In a shocking lawsuit filed in the US District Court in Boston, a fertility doctor and founder of Boston IVF is accused of secretly impregnating a patient with his sperm in 1980. The daughter of the patient filed this lawsuit against the doctor on Wednesday.
Dr. Merle Berger was a former professor at Harvard Medical School and the founder of one of the nation’s largest fertility clinics. Ms. Carolyn Bester is the woman who filed the lawsuit against the retired doctor.
Sarah Depoian, a 73-year-old woman, went to the doctor's clinic in 1980. She and her husband first visited Dr. Berger to discuss intrauterine insemination. Depoian said the doctor told her the sperm would come from an anonymous donor. As a result of insemination, Depoian got pregnant, and Carolyn Bester was born in January 1981. But Ms. Depoian accused the doctor of using his own sperm to impregnate her. Due to a deep curiosity about her biological father, Carolyn conducted a home DNA test using DNA kits from Ancestry.com and 23andMe. She was taken aback by the test results, which revealed that Dr. Berger is her biological father, according to the lawsuit
Depoian’s attorney, Adam Wolf, said that Dr. Berger knew what he was doing was wrong. He also told the reporters that Dr. Berger did so without her consent and against her wishes. Some people call this horrific act ‘medical rape’. But regardless of what you call it, Dr. Berger's heinous and intentional misconduct is unethical, unacceptable, and unlawful.
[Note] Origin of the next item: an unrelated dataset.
(* In Model A below with $d$ odd, let $I:=-\inf_{t\in\mathbb{R}}\log\big(\varrho(1-\varrho)e^{t}+\tfrac12+\tfrac12(1-2\varrho+2\varrho^2)e^{-t}\big)$ and $\tilde I:=-\inf_{t\in\mathbb{R}}\log\big((\varrho(1-\varrho)+\tfrac14)e^{t}+(\tfrac12(1-2\varrho+2\varrho^2)+\tfrac14)e^{-t}\big)$. Then $$\lim_{d\to\infty,\ d\text{ odd}}\frac1d\log\mathbb{P}\big(\chi(w)=2\text{ under the $c$-segmentation rule with }c=d\big)=-\tilde I,$$ and $I\ge\tilde I$.
   Context: Segmentation rule. Let $d,c$ be positive integers with $c\mid d$. For $x\in\mathbb{R}^d$ and $1\le j\le c$ let $x_j\in\mathbb{R}^{d/c}$ denote its $j$-th block $(x_{(j-1)d/c+1},\dots,x_{jd/c})$, so that $x=x_1\circ\cdots\circ x_c$ (concatenation). Given dictionary words $w^1,\dots,w^K\in\mathbb{R}^d$ ($w^k$ representing class $k$) and a test word $w\in\mathbb{R}^d$, for each $j$ let $U_j\in\{1,\dots,K\}$ be an index $k$ minimizing the Euclidean distance $\|w_j-w^k_j\|$ in $\mathbb{R}^{d/c}$, chosen uniformly at random among all minimizers (independently of everything else). The $c$-segmentation rule assigns to $w$ the class $\chi(w)\in\operatorname{argmax}_k\#\{j:U_j=k\}$, chosen uniformly at random among all maximizers. The case $c=1$ is the Euclidean (nearest-neighbour) rule and $c=d$ is coordinate-by-coordinate comparison. Probabilities are over all random objects including tie-breaks. Model A. Fix $\varrho\in(0,\tfrac12)$. Let $m_1,m_2$ be independent and uniformly distributed on $\{-1,+1\}^d$. Let $Y^{(0)},Y^{(1)},Y^{(2)}$ be independent random vectors in $\{-1,+1\}^d$, independent of $m_1,m_2$, each with i.i.d. coordinates satisfying $\mathbb{P}(Y_i=1)=1-\varrho$, $\mathbb{P}(Y_i=-1)=\varrho$. Write $x\times y$ for the coordinatewise product. There are $K=2$ classes; the dictionary words are $w^1=Y^{(1)}\times m_1$ (class 1) and $w^2=Y^{(2)}\times m_2$ (class 2), and the test word is $w=Y^{(0)}\times m_1$ (true class 1). *)

From Stdlib Require Import Reals List.
Import ListNotations.
Open Scope R_scope.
In the lawsuit, Depoian is in part seeking damages in an amount sufficient to compensate her for her injuries.
Depoian, who lives in Maine, said that they fully trusted Dr. Berger. He was a medical professional. It's hard to imagine not trusting your doctor. They never dreamed he would abuse his position of trust and perpetrate this extreme violation. She is struggling to process it.
On the other hand, Dr. Merle Berger’s lawyer, Ian Pinta, claimed he was a prominent figure in the medical fertility field, and he helped thousands of families fulfil their dream of having children. Reacting to the lawsuit releases, a statement on his behalf stated, "The allegations concern events from over 40 years ago, in the early days of artificial insemination. At a time before sperm banks and IVF, it was dramatically different from modern-day fertility treatment. The allegations, which have changed repeatedly in the six months since the plaintiff's attorney first contacted Dr. Berger, have no legal or factual merit and will be disproven in court."
This is not the only one; there have been several other instances of fertility doctors being accused of using their own sperm to impregnate a patient.